_Work required_:
Every entry must be output exactly as it is written.

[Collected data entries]
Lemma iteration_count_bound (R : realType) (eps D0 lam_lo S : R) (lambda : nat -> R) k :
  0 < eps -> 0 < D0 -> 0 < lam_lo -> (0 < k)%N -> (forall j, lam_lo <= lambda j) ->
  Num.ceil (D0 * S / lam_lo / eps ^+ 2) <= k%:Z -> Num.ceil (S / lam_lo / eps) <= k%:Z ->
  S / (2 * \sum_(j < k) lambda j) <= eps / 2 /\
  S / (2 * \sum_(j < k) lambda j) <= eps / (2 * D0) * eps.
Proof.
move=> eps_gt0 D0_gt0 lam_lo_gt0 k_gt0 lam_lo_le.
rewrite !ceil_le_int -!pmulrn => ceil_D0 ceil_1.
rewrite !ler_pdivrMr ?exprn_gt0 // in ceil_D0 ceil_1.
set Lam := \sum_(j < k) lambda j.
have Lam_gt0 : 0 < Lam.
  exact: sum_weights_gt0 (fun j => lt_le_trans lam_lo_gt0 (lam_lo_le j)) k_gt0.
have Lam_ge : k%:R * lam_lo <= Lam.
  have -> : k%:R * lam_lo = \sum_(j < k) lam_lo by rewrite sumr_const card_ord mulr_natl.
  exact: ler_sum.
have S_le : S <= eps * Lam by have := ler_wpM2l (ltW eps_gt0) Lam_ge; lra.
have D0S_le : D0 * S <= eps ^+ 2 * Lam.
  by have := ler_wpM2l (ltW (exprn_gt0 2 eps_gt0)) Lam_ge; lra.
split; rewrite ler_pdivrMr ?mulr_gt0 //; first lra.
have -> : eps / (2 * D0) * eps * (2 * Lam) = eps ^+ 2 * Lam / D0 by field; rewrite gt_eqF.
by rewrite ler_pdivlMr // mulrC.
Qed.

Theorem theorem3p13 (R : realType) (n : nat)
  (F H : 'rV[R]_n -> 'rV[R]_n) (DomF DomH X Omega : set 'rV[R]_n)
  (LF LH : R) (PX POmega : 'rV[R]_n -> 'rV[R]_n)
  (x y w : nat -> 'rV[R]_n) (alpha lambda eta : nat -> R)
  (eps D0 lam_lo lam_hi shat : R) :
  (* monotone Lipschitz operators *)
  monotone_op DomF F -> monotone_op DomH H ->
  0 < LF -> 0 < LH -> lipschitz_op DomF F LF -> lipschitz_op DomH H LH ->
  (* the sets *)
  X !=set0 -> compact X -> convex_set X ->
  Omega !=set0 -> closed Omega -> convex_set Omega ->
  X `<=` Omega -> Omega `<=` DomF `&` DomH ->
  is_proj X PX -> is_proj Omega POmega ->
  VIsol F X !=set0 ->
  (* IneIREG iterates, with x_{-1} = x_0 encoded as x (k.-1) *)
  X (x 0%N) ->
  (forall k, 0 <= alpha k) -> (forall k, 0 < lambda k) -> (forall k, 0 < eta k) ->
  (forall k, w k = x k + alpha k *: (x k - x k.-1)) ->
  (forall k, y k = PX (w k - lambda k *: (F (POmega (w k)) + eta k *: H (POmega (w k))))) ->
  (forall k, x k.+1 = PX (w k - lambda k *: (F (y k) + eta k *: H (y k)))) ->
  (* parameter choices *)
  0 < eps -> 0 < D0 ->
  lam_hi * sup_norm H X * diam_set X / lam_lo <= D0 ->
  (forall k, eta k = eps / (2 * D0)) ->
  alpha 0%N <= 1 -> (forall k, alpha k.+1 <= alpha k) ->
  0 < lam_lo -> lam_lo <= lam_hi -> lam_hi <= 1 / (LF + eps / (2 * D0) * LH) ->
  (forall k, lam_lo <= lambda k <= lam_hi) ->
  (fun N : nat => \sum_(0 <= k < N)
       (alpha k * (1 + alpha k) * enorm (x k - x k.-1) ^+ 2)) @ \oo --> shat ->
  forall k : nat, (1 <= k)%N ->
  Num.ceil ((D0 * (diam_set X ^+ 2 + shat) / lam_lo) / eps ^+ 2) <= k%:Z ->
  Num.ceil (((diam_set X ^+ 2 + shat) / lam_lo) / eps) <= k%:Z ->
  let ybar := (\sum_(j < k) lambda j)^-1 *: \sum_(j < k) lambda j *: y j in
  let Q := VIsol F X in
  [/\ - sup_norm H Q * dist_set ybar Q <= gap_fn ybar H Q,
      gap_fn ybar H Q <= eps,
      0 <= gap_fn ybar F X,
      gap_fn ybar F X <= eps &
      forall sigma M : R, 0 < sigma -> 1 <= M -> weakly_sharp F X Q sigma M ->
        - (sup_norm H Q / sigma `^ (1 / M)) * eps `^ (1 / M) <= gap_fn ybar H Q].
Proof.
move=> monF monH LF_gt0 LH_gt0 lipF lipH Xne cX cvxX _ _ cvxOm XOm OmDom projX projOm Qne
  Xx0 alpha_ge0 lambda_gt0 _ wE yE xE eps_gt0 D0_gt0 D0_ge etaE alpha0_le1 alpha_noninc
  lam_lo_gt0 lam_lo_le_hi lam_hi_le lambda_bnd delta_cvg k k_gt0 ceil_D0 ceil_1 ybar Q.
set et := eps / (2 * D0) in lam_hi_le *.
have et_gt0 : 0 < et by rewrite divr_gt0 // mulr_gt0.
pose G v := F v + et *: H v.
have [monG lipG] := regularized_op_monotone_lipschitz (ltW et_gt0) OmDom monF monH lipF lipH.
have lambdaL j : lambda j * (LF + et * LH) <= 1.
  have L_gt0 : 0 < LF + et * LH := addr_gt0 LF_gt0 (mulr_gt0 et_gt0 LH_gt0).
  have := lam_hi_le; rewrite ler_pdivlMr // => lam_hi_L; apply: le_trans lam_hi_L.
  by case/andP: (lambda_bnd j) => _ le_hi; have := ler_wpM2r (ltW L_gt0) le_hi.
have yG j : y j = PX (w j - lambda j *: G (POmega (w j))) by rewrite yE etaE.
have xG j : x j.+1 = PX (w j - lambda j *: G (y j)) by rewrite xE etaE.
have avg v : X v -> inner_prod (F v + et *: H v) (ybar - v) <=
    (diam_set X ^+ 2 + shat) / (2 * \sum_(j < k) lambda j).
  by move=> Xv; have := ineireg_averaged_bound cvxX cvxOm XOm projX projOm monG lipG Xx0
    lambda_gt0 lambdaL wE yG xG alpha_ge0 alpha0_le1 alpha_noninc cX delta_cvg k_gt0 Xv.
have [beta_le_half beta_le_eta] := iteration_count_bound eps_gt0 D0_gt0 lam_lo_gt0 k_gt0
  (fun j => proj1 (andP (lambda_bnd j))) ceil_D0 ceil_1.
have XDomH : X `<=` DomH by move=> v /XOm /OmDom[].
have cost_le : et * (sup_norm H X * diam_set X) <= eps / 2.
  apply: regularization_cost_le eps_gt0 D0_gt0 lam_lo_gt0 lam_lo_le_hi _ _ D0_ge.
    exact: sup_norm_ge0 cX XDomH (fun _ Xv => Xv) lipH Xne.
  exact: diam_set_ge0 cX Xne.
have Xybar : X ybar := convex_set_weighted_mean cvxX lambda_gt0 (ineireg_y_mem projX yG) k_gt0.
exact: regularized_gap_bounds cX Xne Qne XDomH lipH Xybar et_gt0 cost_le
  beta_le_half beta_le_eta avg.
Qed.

_Task result_:
Lemma iteration_count_bound (R : realType) (eps D0 lam_lo S : R) (lambda : nat -> R) k :
  0 < eps -> 0 < D0 -> 0 < lam_lo -> (0 < k)%N -> (forall j, lam_lo <= lambda j) ->
  Num.ceil (D0 * S / lam_lo / eps ^+ 2) <= k%:Z -> Num.ceil (S / lam_lo / eps) <= k%:Z ->
  S / (2 * \sum_(j < k) lambda j) <= eps / 2 /\
  S / (2 * \sum_(j < k) lambda j) <= eps / (2 * D0) * eps.
Proof.
move=> eps_gt0 D0_gt0 lam_lo_gt0 k_gt0 lam_lo_le.
rewrite !ceil_le_int -!pmulrn => ceil_D0 ceil_1.
rewrite !ler_pdivrMr ?exprn_gt0 // in ceil_D0 ceil_1.
set Lam := \sum_(j < k) lambda j.
have Lam_gt0 : 0 < Lam.
  exact: sum_weights_gt0 (fun j => lt_le_trans lam_lo_gt0 (lam_lo_le j)) k_gt0.
have Lam_ge : k%:R * lam_lo <= Lam.
  have -> : k%:R * lam_lo = \sum_(j < k) lam_lo by rewrite sumr_const card_ord mulr_natl.
  exact: ler_sum.
have S_le : S <= eps * Lam by have := ler_wpM2l (ltW eps_gt0) Lam_ge; lra.
have D0S_le : D0 * S <= eps ^+ 2 * Lam.
  by have := ler_wpM2l (ltW (exprn_gt0 2 eps_gt0)) Lam_ge; lra.
split; rewrite ler_pdivrMr ?mulr_gt0 //; first lra.
have -> : eps / (2 * D0) * eps * (2 * Lam) = eps ^+ 2 * Lam / D0 by field; rewrite gt_eqF.
by rewrite ler_pdivlMr // mulrC.
Qed.

Theorem theorem3p13 (R : realType) (n : nat)
  (F H : 'rV[R]_n -> 'rV[R]_n) (DomF DomH X Omega : set 'rV[R]_n)
  (LF LH : R) (PX POmega : 'rV[R]_n -> 'rV[R]_n)
  (x y w : nat -> 'rV[R]_n) (alpha lambda eta : nat -> R)
  (eps D0 lam_lo lam_hi shat : R) :
  (* monotone Lipschitz operators *)
  monotone_op DomF F -> monotone_op DomH H ->
  0 < LF -> 0 < LH -> lipschitz_op DomF F LF -> lipschitz_op DomH H LH ->
  (* the sets *)
  X !=set0 -> compact X -> convex_set X ->
  Omega !=set0 -> closed Omega -> convex_set Omega ->
  X `<=` Omega -> Omega `<=` DomF `&` DomH ->
  is_proj X PX -> is_proj Omega POmega ->
  VIsol F X !=set0 ->
  (* IneIREG iterates, with x_{-1} = x_0 encoded as x (k.-1) *)
  X (x 0%N) ->
  (forall k, 0 <= alpha k) -> (forall k, 0 < lambda k) -> (forall k, 0 < eta k) ->
  (forall k, w k = x k + alpha k *: (x k - x k.-1)) ->
  (forall k, y k = PX (w k - lambda k *: (F (POmega (w k)) + eta k *: H (POmega (w k))))) ->
  (forall k, x k.+1 = PX (w k - lambda k *: (F (y k) + eta k *: H (y k)))) ->
  (* parameter choices *)
  0 < eps -> 0 < D0 ->
  lam_hi * sup_norm H X * diam_set X / lam_lo <= D0 ->
  (forall k, eta k = eps / (2 * D0)) ->
  alpha 0%N <= 1 -> (forall k, alpha k.+1 <= alpha k) ->
  0 < lam_lo -> lam_lo <= lam_hi -> lam_hi <= 1 / (LF + eps / (2 * D0) * LH) ->
  (forall k, lam_lo <= lambda k <= lam_hi) ->
  (fun N : nat => \sum_(0 <= k < N)
       (alpha k * (1 + alpha k) * enorm (x k - x k.-1) ^+ 2)) @ \oo --> shat ->
  forall k : nat, (1 <= k)%N ->
  Num.ceil ((D0 * (diam_set X ^+ 2 + shat) / lam_lo) / eps ^+ 2) <= k%:Z ->
  Num.ceil (((diam_set X ^+ 2 + shat) / lam_lo) / eps) <= k%:Z ->
  let ybar := (\sum_(j < k) lambda j)^-1 *: \sum_(j < k) lambda j *: y j in
  let Q := VIsol F X in
  [/\ - sup_norm H Q * dist_set ybar Q <= gap_fn ybar H Q,
      gap_fn ybar H Q <= eps,
      0 <= gap_fn ybar F X,
      gap_fn ybar F X <= eps &
      forall sigma M : R, 0 < sigma -> 1 <= M -> weakly_sharp F X Q sigma M ->
        - (sup_norm H Q / sigma `^ (1 / M)) * eps `^ (1 / M) <= gap_fn ybar H Q].
Proof.
move=> monF monH LF_gt0 LH_gt0 lipF lipH Xne cX cvxX _ _ cvxOm XOm OmDom projX projOm Qne
  Xx0 alpha_ge0 lambda_gt0 _ wE yE xE eps_gt0 D0_gt0 D0_ge etaE alpha0_le1 alpha_noninc
  lam_lo_gt0 lam_lo_le_hi lam_hi_le lambda_bnd delta_cvg k k_gt0 ceil_D0 ceil_1 ybar Q.
set et := eps / (2 * D0) in lam_hi_le *.
have et_gt0 : 0 < et by rewrite divr_gt0 // mulr_gt0.
pose G v := F v + et *: H v.
have [monG lipG] := regularized_op_monotone_lipschitz (ltW et_gt0) OmDom monF monH lipF lipH.
have lambdaL j : lambda j * (LF + et * LH) <= 1.
  have L_gt0 : 0 < LF + et * LH := addr_gt0 LF_gt0 (mulr_gt0 et_gt0 LH_gt0).
  have := lam_hi_le; rewrite ler_pdivlMr // => lam_hi_L; apply: le_trans lam_hi_L.
  by case/andP: (lambda_bnd j) => _ le_hi; have := ler_wpM2r (ltW L_gt0) le_hi.
have yG j : y j = PX (w j - lambda j *: G (POmega (w j))) by rewrite yE etaE.
have xG j : x j.+1 = PX (w j - lambda j *: G (y j)) by rewrite xE etaE.
have avg v : X v -> inner_prod (F v + et *: H v) (ybar - v) <=
    (diam_set X ^+ 2 + shat) / (2 * \sum_(j < k) lambda j).
  by move=> Xv; have := ineireg_averaged_bound cvxX cvxOm XOm projX projOm monG lipG Xx0
    lambda_gt0 lambdaL wE yG xG alpha_ge0 alpha0_le1 alpha_noninc cX delta_cvg k_gt0 Xv.
have [beta_le_half beta_le_eta] := iteration_count_bound eps_gt0 D0_gt0 lam_lo_gt0 k_gt0
  (fun j => proj1 (andP (lambda_bnd j))) ceil_D0 ceil_1.
have XDomH : X `<=` DomH by move=> v /XOm /OmDom[].
have cost_le : et * (sup_norm H X * diam_set X) <= eps / 2.
  apply: regularization_cost_le eps_gt0 D0_gt0 lam_lo_gt0 lam_lo_le_hi _ _ D0_ge.
    exact: sup_norm_ge0 cX XDomH (fun _ Xv => Xv) lipH Xne.
  exact: diam_set_ge0 cX Xne.
have Xybar : X ybar := convex_set_weighted_mean cvxX lambda_gt0 (ineireg_y_mem projX yG) k_gt0.
exact: regularized_gap_bounds cX Xne Qne XDomH lipH Xybar et_gt0 cost_le
  beta_le_half beta_le_eta avg.
Qed.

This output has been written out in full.